A former senior manager at Maxim Healthcare Services Inc., a Columbia, Md.-based healthcare staffing and homecare provider, was sentenced Monday to five months in prison and five months of home confinement for his part in an unlicensed office that billed nearly $1 million to government healthcare programs, the U.S. Attorney’s Office for the District of New Jersey reported. The judge also imposed a $10,000 fine.

The former manager, Bryan Lee Shipman, 38, of Athens, Ga., pleaded guilty back on June 17, 2010, to a charge of healthcare fraud, according to the U.S. Attorney’s Office.

His charge relates to the his role as regional manager supervising the decision to operate Maxim’s Gainesville, Ga., office without a license from 2008 to 2009, according to the U.S. Attorney’s Office. The Gainesville office billed the Medicaid program for reimbursement as if the bills came from a licensed office.
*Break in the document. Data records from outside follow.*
(* Consider SEG: $X_{t+1/2}=X_t-\gamma F_t$, $X_{t+1}=X_t-\alpha\gamma F_{t+1/2}$, where $F_t=F(X_t)+U_t(X_t)$ and $F_{t+1/2}=F(X_{t+1/2})+U_{t+1/2}(X_{t+1/2})$. Let $F:\mathbb{R}^d\to\mathbb{R}^d$ be $L$-Lipschitz, let $x^*\in X^*=\{x:F(x)=0\}$ satisfy $\langle F(x),x-x^*\rangle\ge\mu\|x-x^*\|^2-\lambda$ for all $x$ (with $\lambda\ge0,\mu>0$), and assume the stochastic oracle assumptions of the context. Let $Z_t=F_{t+1/2}$ and $\mathrm{drift}_t=\gamma\,\mathbb{E}[\langle Z_t,X_t-x^*\rangle\mid\mathcal{F}_t]$. If $0<\gamma<\frac1{2\mu+\sqrt3L}$, then $$-\mathrm{drift}_t\le-\frac{\mu\gamma}{2}\|X_t-x^*\|^2+(\gamma\lambda+3\gamma^2\sigma^2).$$
   Context: Stochastic oracle: noise fields are i.i.d. random fields; filtration $(\mathcal{F}_t)$ (history of the iterates) with $\mathcal{F}_{t+1/2}=\mathcal{F}_t$; $U_t(X_t)$ is $\mathcal{F}_{t+1}$- but not $\mathcal{F}_t$-measurable; $\mathbb{E}[U_t(x)\mid\mathcal{F}_t]=0$ and $\mathbb{E}[\|U_t(x)\|^2\mid\mathcal{F}_t]\le\sigma^2$ for all $x$ (and likewise for $U_{t+1/2}$). *)

From HB Require Import structures.
From mathcomp Require Import all_boot all_order all_algebra.
From mathcomp Require Import all_classical all_reals all_analysis.
Set Implicit Arguments. Unset Strict Implicit. Unset Printing Implicit Defensive.
Import Order.TTheory GRing.Theory Num.Theory.
Local Open Scope ring_scope.

Definition dotv {R : realType} {d : nat} (u v : 'rV[R]_d) : R :=
  \sum_(i < d) u 0 i * v 0 i.
Definition sqnorm {R : realType} {d : nat} (u : 'rV[R]_d) : R := dotv u u.
Definition normv {R : realType} {d : nat} (u : 'rV[R]_d) : R := Num.sqrt (sqnorm u).

(* One SEG leading step from the (F_t-measurable, hence fixed) point x:
   X_{t+1/2} = x - gamma * (F x + U1(w1, x)). *)
Definition seg_half {R : realType} {d : nat} {O1 : Type}
  (F : 'rV[R]_d -> 'rV[R]_d) (U1 : O1 -> 'rV[R]_d -> 'rV[R]_d)
  (gamma : R) (x : 'rV[R]_d) (w1 : O1) : 'rV[R]_d :=
  x - gamma *: (F x + U1 w1 x).

Definition seg_Z {R : realType} {d : nat} {O1 O2 : Type}
  (F : 'rV[R]_d -> 'rV[R]_d) (U1 : O1 -> 'rV[R]_d -> 'rV[R]_d)
  (U2 : O2 -> 'rV[R]_d -> 'rV[R]_d)
  (gamma : R) (x : 'rV[R]_d) (w1 : O1) (w2 : O2) : 'rV[R]_d :=
  let y := seg_half F U1 gamma x w1 in F y + U2 w2 y.

Definition oracle_noise {R : realType} {d : nat} {dO : measure_display}
  {O : measurableType dO} (P : probability O R)
  (U : O -> 'rV[R]_d -> 'rV[R]_d) (sigma : R) : Prop :=
  forall y : 'rV[R]_d,
    (forall i : 'I_d,
        P.-integrable setT (fun w => ((U w y) 0 i)%:E) /\
        (\int[P]_w ((U w y) 0 i)%:E = 0)%E) /\
    (\int[P]_w (sqnorm (U w y))%:E <= (sigma ^+ 2)%:E)%E.

(* drift_t = gamma * E[ <Z_t, X_t - x*> | F_t ], computed (given X_t = x)
   by integrating first the half-step noise, then the leading-step noise. *)
Definition seg_drift {R : realType} {d : nat} {d1 d2 : measure_display}
  {O1 : measurableType d1} {O2 : measurableType d2}
  (P1 : probability O1 R) (P2 : probability O2 R)
  (F : 'rV[R]_d -> 'rV[R]_d) (U1 : O1 -> 'rV[R]_d -> 'rV[R]_d)
  (U2 : O2 -> 'rV[R]_d -> 'rV[R]_d) (gamma : R) (x xs : 'rV[R]_d) : \bar R :=
  (gamma%:E * \int[P1]_w1 \int[P2]_w2
      (dotv (seg_Z F U1 U2 gamma x w1 w2) (x - xs))%:E)%E.

(* Given X_t = x, the noise U_{t+1/2} of the update step averages out of
   <Z_t, x - x*>, so the drift is gamma E<F(X_{t+1/2}), x - x*>.  Writing
   x - x* = X_{t+1/2} - x* + gamma F_t, the quasi-strong monotonicity bounds
   the first part, and Lipschitz continuity with Young's inequality bounds the
   error F(X_{t+1/2}) - F(x) in the second.  The resulting lower bound is a
   quadratic polynomial in the noise U_t(x), whose expectation only involves
   its second moment; the step-size condition, through
   2 mu gamma + (L gamma)^2 <= 1, makes the remaining coefficients
   nonnegative. *)
From HB Require Import structures.
From mathcomp Require Import all_boot all_order all_algebra.
From mathcomp Require Import all_classical all_reals all_analysis.
From mathcomp Require Import ring lra.
Import Order.TTheory GRing.Theory Num.Theory.
Local Open Scope ring_scope.

Set Implicit Arguments.
Unset Strict Implicit.

Section InnerProduct.
Context {R : realType} {d : nat}.
Implicit Types (u v w : 'rV[R]_d).

Lemma dotvC u v : dotv u v = dotv v u.
Proof. by apply: eq_bigr => i _; rewrite mulrC. Qed.

Lemma dotvDl u v w : dotv (u + v) w = dotv u w + dotv v w.
Proof. by rewrite /dotv -big_split; apply: eq_bigr => i _; rewrite !mxE mulrDl. Qed.

Lemma dotvDr u v w : dotv w (u + v) = dotv w u + dotv w v.
Proof. by rewrite dotvC dotvDl !(dotvC w). Qed.

Lemma dotvZl (k : R) u v : dotv (k *: u) v = k * dotv u v.
Proof. by rewrite /dotv mulr_sumr; apply: eq_bigr => i _; rewrite !mxE mulrA. Qed.

Lemma dotvZr (k : R) u v : dotv v (k *: u) = k * dotv v u.
Proof. by rewrite dotvC dotvZl dotvC. Qed.

Lemma dotvNl u v : dotv (- u) v = - dotv u v.
Proof. by rewrite -scaleN1r dotvZl mulN1r. Qed.

Lemma dotvNr u v : dotv v (- u) = - dotv v u.
Proof. by rewrite dotvC dotvNl dotvC. Qed.

Lemma sqnorm_ge0 u : 0 <= sqnorm u.
Proof. by apply: sumr_ge0 => i _; rewrite -expr2 sqr_ge0. Qed.

Lemma sqnormZ (k : R) u : sqnorm (k *: u) = k ^+ 2 * sqnorm u.
Proof. by rewrite /sqnorm dotvZl dotvZr mulrA expr2. Qed.

Lemma sqnormN u : sqnorm (- u) = sqnorm u.
Proof. by rewrite /sqnorm dotvNl dotvNr opprK. Qed.

Lemma sqnormD u v : sqnorm (u + v) = sqnorm u + 2 * dotv u v + sqnorm v.
Proof. by rewrite /sqnorm !(dotvDl, dotvDr) (dotvC v u); ring. Qed.

Lemma sqnormB u v : sqnorm (u - v) = sqnorm u - 2 * dotv u v + sqnorm v.
Proof. by rewrite sqnormD dotvNr sqnormN; ring. Qed.

Lemma dotv_ge_sqnorm u v : - ((sqnorm u + sqnorm v) / 2) <= dotv u v.
Proof. by have := sqnorm_ge0 (u + v); rewrite sqnormD; lra. Qed.

Lemma sqnormD_le u v : sqnorm (u + v) <= 2 * sqnorm u + 2 * sqnorm v.
Proof. by have := sqnorm_ge0 (u - v); rewrite sqnormB sqnormD; lra. Qed.

Lemma sqnorm_le_normv (L : R) u v :
  0 <= L -> normv u <= L * normv v -> sqnorm u <= L ^+ 2 * sqnorm v.
Proof.
move=> L0 uv; rewrite -(sqr_sqrtr (sqnorm_ge0 u)) -(sqr_sqrtr (sqnorm_ge0 v)).
by rewrite -exprMn ler_sqr ?nnegrE ?mulr_ge0 ?sqrtr_ge0.
Qed.

Lemma sqnorm_expand_noise (m g k : R) b u r :
  m * sqnorm (b - g *: r) + g * dotv u (u + r) - k * sqnorm (u + r) =
  m * sqnorm b + (g - k) * sqnorm u
  + dotv ((g - 2 * k) *: u - (2 * m * g) *: b) r + (m * g ^+ 2 - k) * sqnorm r.
Proof.
rewrite sqnormB sqnormD sqnormZ dotvDl dotvNl !(dotvZl, dotvZr, dotvDr).
by rewrite /sqnorm (dotvC b r); ring.
Qed.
Shipman is one of nine former Maxim employees to have pleaded guilty to and been sentenced on charges arising from fraudulent activities related to government billings, according to the U.S. Attorney’s Office. Maxim itself entered into a settlement with the government earlier this year in the amount of $150 million under a deferred prosecution agreement.

Shipman had been employed by Maxim for 13 years and managed 13 offices in 2008 with hundreds of employees and annual sales of more than $42 million, according to the office. Shipman earned more than $325,000 in his last year of employment at Maxim.

The eight other executives had been sentenced earlier.